What appears from the line containing "Proof. intros ldivxx_rdivyy" to the end of the listing below should be copied exactly, with no other lines.

======

(* Let $\mathbf A$ be a residuated semigroup satisfying $xx=x$ and $x\backslash x=y/y$ for all $x,y$. Then the element $1:=a\backslash a$ does not depend on $a$, it is the greatest element and a global identity of $\mathbf A$; $\langle A,\le\rangle$ is a meet-semilattice whose meet is $x\wedge y=xy$; and $x\wedge y\le z\iff y\le x\backslash z$ for all $x,y,z$, so $\langle A,\wedge,\backslash,1\rangle$ is a Brouwerian semilattice. In particular, every integrally closed residuated monoid satisfying $xx=x$ is a Brouwerian semilattice in this way.
   Context: A residuated semigroup is a structure $\langle A,\le,\cdot,\backslash,/\rangle$ where $\langle A,\le\rangle$ is a poset, $\langle A,\cdot\rangle$ is a semigroup, and $xy\le z\iff x\le z/y\iff y\le x\backslash z$. A residuated monoid is a residuated semigroup with a global identity $1$ ($1a=a=a1$); it is integrally closed if $x\backslash x=1$ for all $x$. A Brouwerian semilattice is a meet-semilattice $\langle A,\wedge\rangle$ with top element $1$ and a binary operation $\to$ such that $x\wedge y\le z\iff y\le x\to z$. *)

Definition is_poset {A : Type} (le : A -> A -> Prop) : Prop :=
  (forall x, le x x) /\
  (forall x y, le x y -> le y x -> x = y) /\
  (forall x y z, le x y -> le y z -> le x z).

(* Residuated semigroup <A, le, mul, ldiv, rdiv>:
   ldiv x z = x \ z,  rdiv z y = z / y. *)
Definition residuated_semigroup {A : Type} (le : A -> A -> Prop)
  (mul ldiv rdiv : A -> A -> A) : Prop :=
  is_poset le /\
  (forall x y z, mul (mul x y) z = mul x (mul y z)) /\
  (forall x y z, (le (mul x y) z <-> le x (rdiv z y)) /\
                 (le (mul x y) z <-> le y (ldiv x z))).

Definition residuated_monoid {A : Type} (le : A -> A -> Prop)
  (mul ldiv rdiv : A -> A -> A) (one : A) : Prop :=
  residuated_semigroup le mul ldiv rdiv /\
  (forall a, mul one a = a /\ mul a one = a).

Definition integrally_closed {A : Type} (ldiv : A -> A -> A) (one : A) : Prop :=
  forall x, ldiv x x = one.

Definition meet_semilattice_of {A : Type} (le : A -> A -> Prop) (meet : A -> A -> A) : Prop :=
  forall x y, le (meet x y) x /\ le (meet x y) y /\
              (forall z, le z x -> le z y -> le z (meet x y)).

Definition brouwerian_semilattice {A : Type} (le : A -> A -> Prop)
  (meet imp : A -> A -> A) (top : A) : Prop :=
  meet_semilattice_of le meet /\
  (forall x, le x top) /\
  (forall x y z, le (meet x y) z <-> le y (imp x z)).

From Stdlib Require Import Setoid.

(** Idempotence gives [x <= x \ x], so when the [x \ x] all equal some [t],
    [t] is the top element; if the [x / x] equal [t] too, then [t x <= x] and
    [x = x x <= t x], so [t] is a two-sided identity.
    With a top identity, [x y <= x t = x], [x y <= t y = y], and any common
    lower bound [z] of [x] and [y] satisfies [z = z z <= x y]: the product is
    the meet, and residuation becomes the Brouwerian adjunction. *)

Section IdempotentResiduatedSemigroup.

Variables (A : Type) (le : A -> A -> Prop) (mul ldiv rdiv : A -> A -> A).
Hypothesis residuated : residuated_semigroup le mul ldiv rdiv.
Hypothesis mulxx : forall x, mul x x = x.

Let le_refl : forall x, le x x.
Proof. apply residuated. Qed.

Let le_anti : forall x y, le x y -> le y x -> x = y.
Proof. apply residuated. Qed.

Let le_trans : forall x y z, le x y -> le y z -> le x z.
Proof. apply residuated. Qed.

Let le_rdiv : forall x y z, le (mul x y) z <-> le x (rdiv z y).
Proof. apply residuated. Qed.

Let le_ldiv : forall x y z, le (mul x y) z <-> le y (ldiv x z).
Proof. apply residuated. Qed.

Lemma mul_mono_r x y y' : le y y' -> le (mul x y) (mul x y').
Proof.
  intros le_yy'. apply le_ldiv, le_trans with y'; [exact le_yy' |].
  apply le_ldiv, le_refl.
Qed.

Lemma mul_mono_l x x' y : le x x' -> le (mul x y) (mul x' y).
Proof.
  intros le_xx'. apply le_rdiv, le_trans with x'; [exact le_xx' |].
  apply le_rdiv, le_refl.
Qed.

Lemma le_ldivxx x : le x (ldiv x x).
Proof. apply le_ldiv. rewrite mulxx. apply le_refl. Qed.

Section TopElement.

Variable top : A.
Hypothesis le_top : forall x, le x top.

Lemma le_mul_top_l x : le x (mul top x).
Proof. rewrite <- (mulxx x) at 1. apply mul_mono_l, le_top. Qed.

Lemma le_mul_top_r x : le x (mul x top).
Proof. rewrite <- (mulxx x) at 1. apply mul_mono_r, le_top. Qed.

Lemma top_unit_of_divxx :
  (forall x, ldiv x x = top) -> (forall x, rdiv x x = top) ->
  forall x, mul top x = x /\ mul x top = x.
Proof.
  intros ldivxx rdivxx x. split; apply le_anti.
  - apply le_rdiv. rewrite rdivxx. apply le_refl.
  - apply le_mul_top_l.
  - apply le_ldiv. rewrite ldivxx. apply le_refl.
  - apply le_mul_top_r.
Qed.

Hypothesis top_unit : forall x, mul top x = x /\ mul x top = x.

Lemma mul_le_l x y : le (mul x y) x.
Proof. rewrite <- (proj2 (top_unit x)) at 2. apply mul_mono_r, le_top. Qed.

Lemma mul_le_r x y : le (mul x y) y.
Proof. rewrite <- (proj1 (top_unit y)) at 2. apply mul_mono_l, le_top. Qed.

Lemma le_mul_of_le z x y : le z x -> le z y -> le z (mul x y).
Proof.
  intros le_zx le_zy. rewrite <- (mulxx z).
  apply le_trans with (mul x z); [apply mul_mono_l | apply mul_mono_r]; assumption.
Qed.

Lemma brouwerian_of_top_unit : brouwerian_semilattice le mul ldiv top.
Proof.
  split; [| split; [exact le_top | exact le_ldiv]].
  intros x y. split; [apply mul_le_l | split; [apply mul_le_r | intros z; apply le_mul_of_le]].
Qed.

End TopElement.

End IdempotentResiduatedSemigroup.

Lemma ldivxx_const (A : Type) (ldiv rdiv : A -> A -> A) :
  (forall x y, ldiv x x = rdiv y y) -> forall a b, ldiv a a = ldiv b b.
Proof. intros ldivxx_rdivyy a b. now rewrite (ldivxx_rdivyy a a), (ldivxx_rdivyy b a). Qed.

Theorem corollary7p3 :
  (forall (A : Type) (le : A -> A -> Prop) (mul ldiv rdiv : A -> A -> A),
    residuated_semigroup le mul ldiv rdiv ->
    (forall x, mul x x = x) ->
    (forall x y, ldiv x x = rdiv y y) ->
    (forall a b, ldiv a a = ldiv b b) /\
    (forall a, (forall x, le x (ldiv a a)) /\
               (forall x, mul (ldiv a a) x = x /\ mul x (ldiv a a) = x) /\
               brouwerian_semilattice le mul ldiv (ldiv a a))) /\
  (forall (A : Type) (le : A -> A -> Prop) (mul ldiv rdiv : A -> A -> A) (one : A),
    residuated_monoid le mul ldiv rdiv one ->
    integrally_closed ldiv one ->
    (forall x, mul x x = x) ->
    brouwerian_semilattice le mul ldiv one).
Proof.
  split.
  - intros A le mul ldiv rdiv residuated mulxx ldivxx_rdivyy.
    pose proof (ldivxx_const A ldiv rdiv ldivxx_rdivyy) as ldivxx_eq.
    split; [exact ldivxx_eq |]. intros a.
    assert (le_top : forall x, le x (ldiv a a)).
    { intros x. rewrite (ldivxx_eq a x).
      exact (le_ldivxx A le mul ldiv rdiv residuated mulxx x). }
    assert (top_unit : forall x, mul (ldiv a a) x = x /\ mul x (ldiv a a) = x).
    { apply (top_unit_of_divxx A le mul ldiv rdiv residuated mulxx _ le_top).
      - intros x. apply ldivxx_eq.
      - intros x. symmetry. apply ldivxx_rdivyy. }
    split; [exact le_top |]. split; [exact top_unit |].
    exact (brouwerian_of_top_unit A le mul ldiv rdiv residuated mulxx _ le_top top_unit).
  - intros A le mul ldiv rdiv one [residuated one_unit] ldivxx mulxx.
    apply (brouwerian_of_top_unit A le mul ldiv rdiv residuated mulxx); trivial.
    intros x. rewrite <- (ldivxx x).
    exact (le_ldivxx A le mul ldiv rdiv residuated mulxx x).
Qed.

======

# Problem solution
Proof. intros ldivxx_rdivyy a b. now rewrite (ldivxx_rdivyy a a), (ldivxx_rdivyy b a). Qed.

Theorem corollary7p3 :
  (forall (A : Type) (le : A -> A -> Prop) (mul ldiv rdiv : A -> A -> A),
    residuated_semigroup le mul ldiv rdiv ->
    (forall x, mul x x = x) ->
    (forall x y, ldiv x x = rdiv y y) ->
    (forall a b, ldiv a a = ldiv b b) /\
    (forall a, (forall x, le x (ldiv a a)) /\
               (forall x, mul (ldiv a a) x = x /\ mul x (ldiv a a) = x) /\
               brouwerian_semilattice le mul ldiv (ldiv a a))) /\
  (forall (A : Type) (le : A -> A -> Prop) (mul ldiv rdiv : A -> A -> A) (one : A),
    residuated_monoid le mul ldiv rdiv one ->
    integrally_closed ldiv one ->
    (forall x, mul x x = x) ->
    brouwerian_semilattice le mul ldiv one).
Proof.
  split.
  - intros A le mul ldiv rdiv residuated mulxx ldivxx_rdivyy.
    pose proof (ldivxx_const A ldiv rdiv ldivxx_rdivyy) as ldivxx_eq.
    split; [exact ldivxx_eq |]. intros a.
    assert (le_top : forall x, le x (ldiv a a)).
    { intros x. rewrite (ldivxx_eq a x).
      exact (le_ldivxx A le mul ldiv rdiv residuated mulxx x). }
    assert (top_unit : forall x, mul (ldiv a a) x = x /\ mul x (ldiv a a) = x).
    { apply (top_unit_of_divxx A le mul ldiv rdiv residuated mulxx _ le_top).
      - intros x. apply ldivxx_eq.
      - intros x. symmetry. apply ldivxx_rdivyy. }
    split; [exact le_top |]. split; [exact top_unit |].
    exact (brouwerian_of_top_unit A le mul ldiv rdiv residuated mulxx _ le_top top_unit).
  - intros A le mul ldiv rdiv one [residuated one_unit] ldivxx mulxx.
    apply (brouwerian_of_top_unit A le mul ldiv rdiv residuated mulxx); trivial.
    intros x. rewrite <- (ldivxx x).
    exact (le_ldivxx A le mul ldiv rdiv residuated mulxx x).
Qed.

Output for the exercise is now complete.